La pena è aumentata se gli animali di cui al comma 1 hanno un’età accertata inferiore a dodici settimane o se provengono da zone sottoposte a misure restrittive di polizia veterinaria adottate per contrastare la diffusione di malattie trasmissibili proprie della specie.

Nel caso di condanna o di applicazione della pena su richiesta delle parti ai sensi dell’articolo 444 del codice di procedura penale per i delitti previsti dai commi 1 e 2 del presente articolo, è sempre ordinata la confisca dell’animale, salvo che appartenga a persona estranea al reato. È altresì disposta la sospensione da tre mesi a tre anni dell’attività di trasporto, di commercio o di allevamento degli animali se la sentenza di condanna o di applicazione della pena su richiesta delle parti è pronunciata nei confronti di chi svolge le predette attività. In caso di recidiva è disposta l’interdizione dall’esercizio delle attività medesime.

Gli animali oggetto di provvedimento di sequestro o di confisca sono affidati alle associazioni o agli enti indicati nel decreto del Ministro della salute, adottato ai sensi dell’articolo 19-quater delle disposizioni di coordinamento e transitorie per il codice penale, di cui al regio decreto 28 maggio 1931, n. 601, che ne fanno richiesta, salvo che vi ostino esigenze processuali.

Gli animali acquisiti dallo Stato a seguito di provvedimento definitivo di confisca sono assegnati, a richiesta, alle associazioni o agli enti ai quali sono stati affidati ai sensi del comma 5.

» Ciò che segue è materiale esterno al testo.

Theorem proposition4 (beta sigma lambda mu psi p q M Mf N eps2 : R) :
  0 < beta < 1 -> 0 < sigma -> 0 < lambda -> 0 < mu -> 1 < psi ->
  0 < p <= 1 -> 0 < q <= 1 ->
  0 < M <= 1 -> 0 < Mf <= 1 -> 0 < N <= 1 ->
  Rmin M (Rmin Mf N) < 1 ->
  0 <= eps2 ->
  exists ebar : Rbar,
    ebar <> p_infty /\
    (forall eps1 : R,
        BRE_exists beta sigma lambda mu psi p q M Mf N eps1 eps2 <->
        Rbar_le ebar (Finite eps1)) /\
    ((M - 1) * (1 - Mf * beta) + lambda * sigma * N < 0 -> ebar = m_infty).
Proof.
  intros Hbeta Hsigma Hlambda Hmu Hpsi Hp Hq HM HMf HN _ He2.
  assert (Hm : 0 <= Mf * beta <= 1) by (split; nra).
  assert (HN0 : 0 <= N) by lra. assert (HM1 : 0 <= M <= 1) by lra.
  assert (Hp1 : p <= 1) by lra. assert (Hq1 : q <= 1) by lra.
  destruct (reduced_coefficients_admissible beta sigma lambda p q M Mf N
              Hlambda Hsigma HN0 HM1 Hm Hp1 Hq1 psi ltac:(lra))
    as (HA & HB & Hk1 & Hk2 & Hdet).
  destruct (solvable_up_ray _ _ _ _ sigma psi mu eps2
              Hsigma ltac:(lra) Hmu HA HB Hk1 Hk2 Hdet He2) as [ebar [Hebar Hray]].
  exists ebar; split; [exact Hebar|split].
  - intros eps1; rewrite BRE_exists_iff_solvable by exact Hlambda; apply Hray.
  - intros Hcond; apply (is_up_ray_m_infty _ _ (conj Hebar Hray)).
    destruct (reduced_coefficients_pos beta sigma lambda p q M Mf N
                Hlambda Hsigma HN0 HM1 Hm Hp1 Hq1 Hcond) as (Hk1p & Hk2p & Hdetp).
    exact (solvable_eventually_at_m_infty _ _ _ _ sigma psi mu eps2
             ltac:(lra) Hmu HB Hk2 He2 Hk1p Hk2p Hdetp).
Qed.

Le entrate derivanti dall’applicazione delle sanzioni pecuniarie previste dalla presente legge affluiscono all’entrata del bilancio dello Stato per essere riassegnate allo stato di previsione del Ministero della salute e sono destinate alle associazioni o agli enti di cui al comma 5 del presente articolo, con le modalità di cui all’articolo 8 della legge 20 luglio 2004, n. 189.”

5. Conclusioni

La titolarità di un animale domestico comporta, come visto, una moltitudine di responsabilità, che tuttavia attengono, a ben vedere, al comportamento del padrone più che alla natura dell’animale. Come in ogni posizione di garanzia contemplata dall’ordinamento, la responsabilità sussiste ogniqualvolta sia ravvisata una negligenza o una volontarietà nel disubbidire alle regole di condotta delineate dal legislatore e alle norme di prudenza e buon senso (e civiltà).

Molti passi in avanti sono stati fatti nella tutela degli animali e nella protezione degli animali da affezione, ma in base alla normativa vigente, il bene giuridico non è ancora l’animale in sé, bensì il sentimento collettivo di pietà e del comune sentire.

In attesa dell’approvazione della proposta di legge costituzionale del 23 marzo 2018, n. 15 (Modifiche agli articoli 9 e 117 della Costituzione, in materia di tutela degli animali, degli ecosistemi e dell’ambiente), e del ddl n. 93/2018 contenente il “Codice delle disposizioni per la tutela degli animali di affezione, la prevenzione e il controllo del randagismo” – a cui si sono aggiunte in data 27 aprile 2018, la proposta di “Introduzione del titolo XIV bis del Libro Primo del Codice civile e altre disposizioni per la tutela degli animali”, che mira a riconoscere loro diritti e dignità in quanto esseri senzienti, definendo la regolamentazione dei possibili scenari prospettabili in ipotesi di decesso del proprietario, divorzio dei padroni, e accesso a luoghi di culto, esercizi pubblici e scuole; e il ddl presentato il 19 febbraio 2019, n. 1078, recante “Modifiche al codice penale, al codice di procedura penale e al codice civile, nonché altre disposizioni in materia di tutela degli animali”, volto a far diventare oggetto di tutela l’animale medesimo, e non più la persona ad esso legata emotivamente o sentimentalmente, aumentando le pene già previste per i delitti contro gli animali e prevedendo nuove fattispecie di reato, come quello di seminare bocconi avvelenati – spetta, perciò, a ciascun privato cittadino farsi garante di chi è indifeso.